Scriptible is not however the poetry that actually tries to do that (and which is then itself condemned to the technical mediation of a relationship to language not much more “poetic” than the doctrine of the coloration of orchestral instruments and the specialized, painfully acquired knowledge of their technologies); it is the prose stimulated by the idea of sound, or the sentences that something visual – unfortunately, our only word for it is the image – calls into being by suggestion and by a kind of contamination. We don’t write about these things, it is not a metaphorical representation that the sensory pretext summons but rather something related by affinity, that prolongs the content of the object in another, more tenuous form, as though to prolong a last touch with the very fingertips. (Signatures of the Visible 2-3)

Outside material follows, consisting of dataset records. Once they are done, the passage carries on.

Lemma lin1_sum (M : lmodType k) (f : A -> M) (l : fcomb k (A * A)) (c : k * (A * A) -> k) :
  lin1 iota f -> f (\sum_(p <- l) iota (c p) * p.2.2) = \sum_(p <- l) c p *: f p.2.2.
Proof.
move=> H; have f0 : f 0 = 0.
  have := H 1 0 0; rewrite rmorph1 mul1r addr0 scale1r => E.
  by apply: (addrI (f 0)); rewrite addr0 -E.
elim: l => [|p l IH]; first by rewrite !big_nil.
by rewrite !big_cons H IH.
Qed.

(* The empty sequence goes to the junk word [1]; multilinear maps never see it. *)
Definition nw_of_seq (s : seq A) : nw A := (head 1 s, behead s).

Lemma nw_of_seqK (w : nw A) : nw_of_seq (wd w) = w.
Proof. by case: w. Qed.

Lemma multilin_nw_of_seq (M : lmodType k) (g : nw A -> M) :
  mlin g -> multilin iota (g \o nw_of_seq).
Proof. by case=> H1 H2 [|u0 u] v c a b /=; [apply: H1 | apply: H2]. Qed.

Lemma mlin_wd (M : lmodType k) (f : seq A -> M) : multilin iota f -> mlin (fun w => f (wd w)).
Proof. by move=> H; split=> [s c a b|a0 u v c a b]; [apply: (H [::]) | apply: (H (a0 :: u))]. Qed.

Lemma eq_mlin (M : lmodType k) (g g' : nw A -> M) :
  (forall w, g w = g' w) -> mlin g -> mlin g'.
Proof. by move=> E [H1 H2]; split=> [s c a b|a0 u v c a b]; rewrite -!E; [apply: H1|apply: H2]. Qed.

Lemma mlin_prefix (M : lmodType k) (g : nw A -> M) a : mlin g -> mlin (fun w => g (a, wd w)).
Proof.
by case=> _ H; split=> [s c x y|a0 u v c x y]; [apply: (H a [::]) | apply: (H a (a0 :: u))].
Qed.

Lemma mlin0 (M : lmodType k) : mlin (fun _ : nw A => (0 : M)).
Proof. by split=> [s c a b|a0 u v c a b]; rewrite scaler0 addr0. Qed.

Lemma mlinD (M : lmodType k) (g1 g2 : nw A -> M) :
  mlin g1 -> mlin g2 -> mlin (fun w => g1 w + g2 w).
Proof.
case=> H1 H2 [G1 G2]; split=> [s c a b|a0 u v c a b].
- by rewrite H1 G1 scalerDr addrACA.
- by rewrite H2 G2 scalerDr addrACA.
Qed.

Lemma mlinZ (M : lmodType k) c (g : nw A -> M) : mlin g -> mlin (fun w => c *: g w).
Proof.
case=> H1 H2; split=> [s d a b|a0 u v d a b].
- by rewrite H1 scalerDr !scalerA mulrC.
- by rewrite H2 scalerDr !scalerA mulrC.
Qed.

Lemma mlinN (M : lmodType k) (g : nw A -> M) : mlin g -> mlin (fun w => - g w).
Proof. by move=> /(mlinZ (-1)); apply: eq_mlin => w; rewrite scaleN1r. Qed.

Lemma mlin_feval T (M : lmodType k) (h : nw A -> T -> M) (Y : fcomb k T) :
  (forall t, mlin (h^~ t)) -> mlin (fun w => feval (h w) Y).
Proof.
move=> H; elim: Y => [|p Y IH].
  by apply: eq_mlin (@mlin0 M) => w; rewrite feval_nil.
by apply: eq_mlin (mlinD (mlinZ p.1 (H p.2)) IH) => w; rewrite feval_cons.
Qed.

Lemma multilin_cons_ext (M : lmodType k) (f f' : seq A -> M) :
  (forall x s, f (x :: s) = f' (x :: s)) -> multilin iota f' -> multilin iota f.
Proof.
move=> E H u v c a b.
have E' y : f (u ++ y :: v) = f' (u ++ y :: v) by case: u => [|u0 u]; rewrite /= E.
by rewrite !E' H.
Qed.

Lemma feval_diaw_head n (M : lmodType k) (g : nw A -> M) (a1 b1 : A) a' b' :
  feval g (diaw k n.+1 a1 a' b1 b') = feval (fun w => g (a1 * b1, w.2)) (diaw k n.+1 1 a' 1 b').
Proof.
by case: a' => [|a2 a'']; case: b' => [|b2 b''] /=; rewrite ?feval_single ?feval_prefix ?mulr1.
Qed.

James Buchan, Capital of the Mind: How Edinburgh Changed the World (John Murray, 2003) – and that, uncomfortably, is the British title; the US edition, where vulgarizations usually occur, is Crowded with Genius – brings alive the 18th-century Scottish Enlightenment, Em’bro, that “precipitous city” thru which hurry (dodging the wind) the portly Hume, the capacious Adam Smith, the whoremonger Boswell, and the beleaguered James MacPherson, whose “Ossian” poems remain (as of two days ago, when I tried them once again) entirely unreadable. Dr Johnson read them, pronounced them fakes, and took none of MacPherson’s bluster:
MR JAMES MACPHERSON – I received your foolish and impudent letter. Any violence offered me I shall do my best to repel; and what I cannot do for myself, the law shall do for me. I hope I shall never be deterred from detecting what I think to be a cheat, by the menaces of a ruffian.

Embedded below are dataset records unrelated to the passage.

(* Let $\mathbb{D}$ be $[0,1]^2$ or a mesh and let $A,B:\mathbb{D}\to\mathbb{R}$ satisfy (Q1) $A\le B$ and (Q2) $L^{(A,B)}(R)\ge0$ for all $R\in\mathfrak{R}$. If $$\min\{P_O^{(A,B)}(\mathbf{x}),\,B(\mathbf{x})-A(\mathbf{x})\}=0\quad\text{for all }\mathbf{x}\in\mathbb{D},$$ then $V_A(R)\ge0$ for every rectangle $R$ with corners in $\mathbb{D}$.
   Context: A rectangle is $[s_1,s_2]\times[t_1,t_2]$ with $s_1<s_2$, $t_1<t_2$ and corners in $\mathbb{D}$; main corners: southwest and northeast; opposite corners: southeast and northwest; $V_A(R)=A(s_1,t_1)+A(s_2,t_2)-A(s_2,t_1)-A(s_1,t_2)$. $\mathfrak{R}$ is the set of finite formal unions $R=R_1\sqcup\dots\sqcup R_n$ of rectangles (repetitions allowed), with multiplicity $m_R(\mathbf{y})=\sum_i m_{R_i}(\mathbf{y})$, where $m_{R_i}(\mathbf{y})$ is $1$ at main corners, $-1$ at opposite corners, $0$ elsewhere. $L^{(A,B)}(R)=\sum_{m_R(\mathbf{y})>0}B(\mathbf{y})m_R(\mathbf{y})+\sum_{m_R(\mathbf{y})<0}A(\mathbf{y})m_R(\mathbf{y})$; $P_O^{(A,B)}(\mathbf{x})=\inf\{L^{(A,B)}(R)/(-m_R(\mathbf{x})):R\in\mathfrak{R},m_R(\mathbf{x})<0\}$ with $\inf\emptyset=+\infty$. *)

From Stdlib Require Import Reals Lra List ClassicalEpsilon.
Import ListNotations.
Open Scope R_scope.

Definition pt := (R * R)%type.

Definition unit_square (p : pt) : Prop :=
  0 <= fst p <= 1 /\ 0 <= snd p <= 1.

Definition grid_axis (I : list R) : Prop :=
  In 0 I /\ In 1 I /\ (forall s, In s I -> 0 <= s <= 1).

Definition is_mesh (D : pt -> Prop) : Prop :=
  exists I J : list R, grid_axis I /\ grid_axis J /\
    (forall p, D p <-> (In (fst p) I /\ In (snd p) J)).

Definition is_domain (D : pt -> Prop) : Prop :=
  (forall p, D p <-> unit_square p) \/ is_mesh D.

Record rect := Rect { s1 : R; s2 : R; t1 : R; t2 : R }.

Definition valid_rect (D : pt -> Prop) (r : rect) : Prop :=
  s1 r < s2 r /\ t1 r < t2 r /\
  D (s1 r, t1 r) /\ D (s2 r, t2 r) /\ D (s2 r, t1 r) /\ D (s1 r, t2 r).

Definition V (A : pt -> R) (r : rect) : R :=
  A (s1 r, t1 r) + A (s2 r, t2 r) - A (s2 r, t1 r) - A (s1 r, t2 r).

Definition pt_eq_dec (x y : pt) : {x = y} + {x <> y}.
Proof.
  destruct x as [a b], y as [c d].
  destruct (Req_EM_T a c) as [H1|H1]; destruct (Req_EM_T b d) as [H2|H2];
    [left; subst; reflexivity | right; congruence | right; congruence | right; congruence].
Defined.

Definition ind (y z : pt) : R := if pt_eq_dec y z then 1 else 0.

Definition mult1 (r : rect) (y : pt) : R :=
  ind y (s1 r, t1 r) + ind y (s2 r, t2 r) - ind y (s2 r, t1 r) - ind y (s1 r, t2 r).

(* a formal union R_1 ⊔ ... ⊔ R_n is a list of rectangles (repetitions allowed) *)
Definition union_valid (D : pt -> Prop) (Rs : list rect) : Prop :=
  forall r, In r Rs -> valid_rect D r.

Definition mult (Rs : list rect) (y : pt) : R :=
  fold_right (fun r acc => mult1 r y + acc) 0 Rs.

Definition corners (r : rect) : list pt :=
  [(s1 r, t1 r); (s2 r, t2 r); (s2 r, t1 r); (s1 r, t2 r)].

Definition support (Rs : list rect) : list pt :=
  nodup pt_eq_dec (flat_map corners Rs).

Definition Lterm (A B : pt -> R) (Rs : list rect) (y : pt) : R :=
  let m := mult Rs y in
  if Rlt_dec 0 m then B y * m else if Rlt_dec m 0 then A y * m else 0.

Definition L (A B : pt -> R) (Rs : list rect) : R :=
  fold_right (fun y acc => Lterm A B Rs y + acc) 0 (support Rs).

Inductive ER := Fin (r : R) | PInf | MInf.

Definition ER_le (e f : ER) : Prop :=
  match e, f with
  | MInf, _ => True
  | _, PInf => True
  | Fin a, Fin b => a <= b
  | _, _ => False
  end.

Definition ER_min (e f : ER) : ER :=
  match e, f with
  | MInf, _ | _, MInf => MInf
  | PInf, g | g, PInf => g
  | Fin a, Fin b => Fin (Rmin a b)
  end.

(* e is the infimum (in the extended reals) of S; inf of empty set = +oo *)
Definition is_ext_inf (S : R -> Prop) (e : ER) : Prop :=
  (forall s, S s -> ER_le e (Fin s)) /\
  (forall f, (forall s, S s -> ER_le f (Fin s)) -> ER_le f e).

Definition ext_inf (S : R -> Prop) : ER :=
  epsilon (inhabits PInf) (fun e => is_ext_inf S e).

Definition PO_set (D : pt -> Prop) (A B : pt -> R) (x : pt) (v : R) : Prop :=
  exists Rs : list rect, union_valid D Rs /\ mult Rs x < 0 /\
    v = L A B Rs / (- mult Rs x).

Definition P_O (D : pt -> Prop) (A B : pt -> R) (x : pt) : ER :=
  ext_inf (PO_set D A B x).

(* Write L_B for L^(A,B).  L_B(R) is a finite sum over corner points y of
   phi(A y, B y, m_R(y)), where phi(a,b,m) = b m for m > 0 and a m for m < 0.
   For a <= b the integrand is sublinear in m, so L_B is subadditive and
   positively homogeneous under repetition of rectangles; moreover L_B only
   sees B at points of positive multiplicity.

   Key step (lowering one point): if (Q1), (Q2) hold for (A,B) and at y0 either
   B y0 = A y0 or P_O(y0) = 0, then (Q2) still holds for the function B' equal
   to B except B' y0 = A y0.  Given R with k = m_R(y0) > 0 and R' with
   m_R'(y0) = -n < 0 and L_B(R') <= eps n, the union S of n copies of R and k
   copies of R' has multiplicity 0 at y0 (multiplicities are integers), hence
   0 <= L_B(S) = L_B'(S) <= n L_B'(R) + k L_B(R') <= n L_B'(R) + k n eps, and
   eps -> 0 gives L_B'(R) >= 0.

   Iterating, B may be lowered to A on any finite subset of D; lowering it at
   the four corners of a rectangle R and applying (Q2) to R alone yields
   exactly V_A(R) >= 0.  The file develops finite sums, the integrand phi,
   multiplicities, the functional L, the extended infimum P_O, the lowering
   step, and finally the theorem. *)

From Pilot Require Import Defs.
From Stdlib Require Import Reals List Lra Lia ZArith Classical ClassicalEpsilon.
Import ListNotations.
Open Scope R_scope.

Definition sumL (l : list pt) (f : pt -> R) : R :=
  fold_right (fun y acc => f y + acc) 0 l.

Lemma sumL_app l1 l2 f : sumL (l1 ++ l2) f = sumL l1 f + sumL l2 f.
Proof. unfold sumL; induction l1 as [|a l1 IH]; cbn; [ring | rewrite IH; ring]. Qed.

Lemma sumL_ext l f g : (forall y, f y = g y) -> sumL l f = sumL l g.
Proof. intro H; induction l as [|a l IH]; unfold sumL in *; cbn; [reflexivity|]. rewrite H, IH; reflexivity. Qed.

Lemma sumL_le l f g : (forall y, f y <= g y) -> sumL l f <= sumL l g.
Proof. intro H; induction l as [|a l IH]; unfold sumL in *; cbn; [lra|]. specialize (H a); lra. Qed.

Lemma sumL_lin l f g n k :
  sumL l (fun y => n * f y + k * g y) = n * sumL l f + k * sumL l g.
Proof. induction l as [|a l IH]; unfold sumL in *; cbn; [ring|]. rewrite IH; ring. Qed.

Lemma sumL_zero l f : (forall y, In y l -> f y = 0) -> sumL l f = 0.
Proof.
  induction l as [|a l IH]; intro H; unfold sumL in *; cbn; [reflexivity|].
  rewrite H by (now left). rewrite IH by (intros; apply H; now right). ring.
Qed.

Lemma sumL_same_support l1 : forall l2 f, NoDup l1 -> NoDup l2 ->
  (forall y, f y <> 0 -> (In y l1 <-> In y l2)) -> sumL l1 f = sumL l2 f.
Proof.
  induction l1 as [|a l1 IH]; intros l2 f N1 N2 Hsupp.
  - symmetry; apply sumL_zero; intros y Hy.
    destruct (Req_EM_T (f y) 0) as [E|E]; [exact E|].
    destruct (proj2 (Hsupp y E) Hy).
  - apply NoDup_cons_iff in N1 as [Na N1].
    change (f a + sumL l1 f = sumL l2 f).
    destruct (Req_EM_T (f a) 0) as [Ea|Ea].
    + rewrite Ea, Rplus_0_l; apply IH; auto.
      intros y Hy; rewrite <- (Hsupp y Hy).
      split; [now right | intros [<-|H]; [contradiction|exact H]].
    + destruct (in_split a l2) as (l2a & l2b & ->); [apply (Hsupp a Ea); now left|].
      pose proof (NoDup_remove_2 _ _ _ N2) as Na2.
      rewrite sumL_app; change (sumL (a :: l2b) f) with (f a + sumL l2b f).
      rewrite (IH (l2a ++ l2b) f N1 (NoDup_remove_1 _ _ _ N2)), sumL_app; [ring|].
      intros y Hy; specialize (Hsupp y Hy); rewrite !in_app_iff in *; cbn in Hsupp.
      split; intro H; assert (a <> y) by (intros <-; tauto); tauto.
Qed.

Definition phi (a b m : R) : R :=
  if Rlt_dec 0 m then b * m else if Rlt_dec m 0 then a * m else 0.

Lemma Lterm_phi A B Rs y : Lterm A B Rs y = phi (A y) (B y) (mult Rs y).
Proof. reflexivity. Qed.

Lemma phi0 a b : phi a b 0 = 0.
Proof. unfold phi; destruct (Rlt_dec 0 0); [lra|]; destruct (Rlt_dec 0 0); lra. Qed.

Lemma phi_one a b : phi a b 1 = b.
Proof. unfold phi; destruct (Rlt_dec 0 1); lra. Qed.

Lemma phi_minus_one a b : phi a b (-1) = - a.
Proof. unfold phi; destruct (Rlt_dec 0 (-1)), (Rlt_dec (-1) 0); lra. Qed.

Lemma phi_max a b m : a <= b -> phi a b m = Rmax (a * m) (b * m).
Proof.
  intro Hab; unfold phi, Rmax.
  destruct (Rle_dec (a * m) (b * m)), (Rlt_dec 0 m), (Rlt_dec m 0); try nra.
  replace m with 0 by lra; ring.
Qed.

What would you have me retract? I thought your book an imposture; I think it an imposture still. For this opinion I have given my reason to the publick, which I here dare you to refute. Your rage I defy. Your abilities, since your Homer, are not so formidable; and what I hear of your morals, inclines me to pay regard not to what you shall say, but to what you shall prove. You may print this if you will. SAM. JOHNSON
Hume glumly apologized to his friend Gibbon for what by 1776 seemed like a Scottish national imposture: “Men run with great Avidity to give their Evidence in favour of what flatters their Passions, and their national Prejudices.”
Somebody was having a party earlier this evening; a mariachi band echoed through the neighborhood for three hours, but now no noise besides the constant, depressing rain.